Please find every line of the listing below where "pose" occurs and copy it.

___ Record extracts

Lemma approxB k c1 c2 y1 y2 : E y1 -> E y2 -> approx k c1 y1 -> approx k c2 y2 ->
  approx k (c1 + c2) (ssub y1 y2).
Proof.
move=> Ey1 Ey2 yc1 yc2 j d d0; have d2 : 0 < d / 2 by rewrite divr_gt0.
have [z1 [Ez1 zc1 yz1]] := yc1 j _ d2; have [z2 [Ez2 zc2 yz2]] := yc2 j _ d2.
exists (ssub z1 z2); split; first exact: (fkB hE).
  by apply: le_trans (sn_subD hF k (EF Ez1) (EF Ez2)) _; exact: lerD.
have -> : ssub (ssub y1 y2) (ssub z1 z2) = ssub (ssub y1 z1) (ssub y2 z2) by seq_ring.
by apply: le_lt_trans (sn_subD hE j (fkB hE Ey1 Ez1) (fkB hE Ey2 Ez2)) _; lra.
Qed.

Lemma approx_of_small_sE k : exists k0 (delta : R), [/\ (k <= k0)%N, 0 < delta <= 1 &
  forall r y, 0 < r -> E y -> sE k0 y < delta * r -> approx k r y].
Proof.
have cover y : E y -> exists m : nat, sF k y <= m%:R.
  move=> Ey; exists (Num.Def.archi_bound (sF k y)).
  exact/ltW/archi_boundP/(sn_ge0 hF)/EF.
have [m [y0 [k0 [e0 [Ey0 e0_gt0 dense]]]]] := baire hE cover.
have me0 : 0 < 2 * m%:R + e0 by rewrite ltr_wpDl ?mulr_ge0.
pose delta := e0 / (2 * m%:R + e0).
have delta_gt0 : 0 < delta by rewrite divr_gt0.
exists (maxn k0 k), delta; split => //; first exact: leq_maxr.
  by rewrite delta_gt0 ler_pdivrMr // mul1r lerDr mulr_ge0.
move=> r y r0 Ey small.
pose t := delta * r; have t0 : 0 < t by rewrite mulr_gt0.
pose y' := sscale (e0 / t)%:C y; have Ey' : E y' by exact: (fkZ hE).
have y'_small : sE k0 (ssub (sadd y0 y') y0) < e0.
  have -> : ssub (sadd y0 y') y0 = y' by seq_ring.
  rewrite (snZ hE) // cabs_real ger0_norm; last exact/ltW/divr_gt0.
  rewrite mulrAC ltr_pdivrMr // ltr_pM2l //.
  by apply: le_lt_trans small; apply: (sn_le hE (leq_maxl _ _)).
have y0_small : sE k0 (ssub y0 y0) < e0 by rewrite (sn_subxx hE).
have := approxB (fkD hE Ey0 Ey') Ey0 (dense _ (fkD hE Ey0 Ey') y'_small)
  (dense _ Ey0 y0_small).
have -> : ssub (sadd y0 y') y0 = y' by seq_ring.
move=> /(approxZ (t / e0)%:C Ey').
have -> : sscale (t / e0)%:C y' = y.
  apply: funext => j; rewrite /sscale mulrA -rmorphM /= mulrA divfK ?gt_eqF //.
  by rewrite divff ?gt_eqF // mul1r.
move/approx_le; apply; rewrite cabs_real ger0_norm; last by rewrite divr_ge0 ?ltW.
have -> : t / e0 * (m%:R + m%:R) = r * (2 * m%:R / (2 * m%:R + e0)).
  by rewrite /t /delta; field; rewrite !gt_eqF.
by apply: ler_piMr; [exact: ltW | rewrite ler_pdivrMr // mul1r lerDl ltW].
Qed.

Section Iteration.
Variables (K0 : nat -> nat) (delta : nat -> R).
Hypotheses (K0_ge : forall l, (l <= K0 l)%N) (delta_gt0 : forall l, 0 < delta l)
  (delta_le1 : forall l, delta l <= 1)
  (approxK0 : forall l r y, 0 < r -> E y -> sE (K0 l) y < delta l * r -> approx l r y).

______

• Solution to this task
pose delta := e0 / (2 * m%:R + e0).
pose t := delta * r; have t0 : 0 < t by rewrite mulr_gt0.
pose y' := sscale (e0 / t)%:C y; have Ey' : E y' by exact: (fkZ hE).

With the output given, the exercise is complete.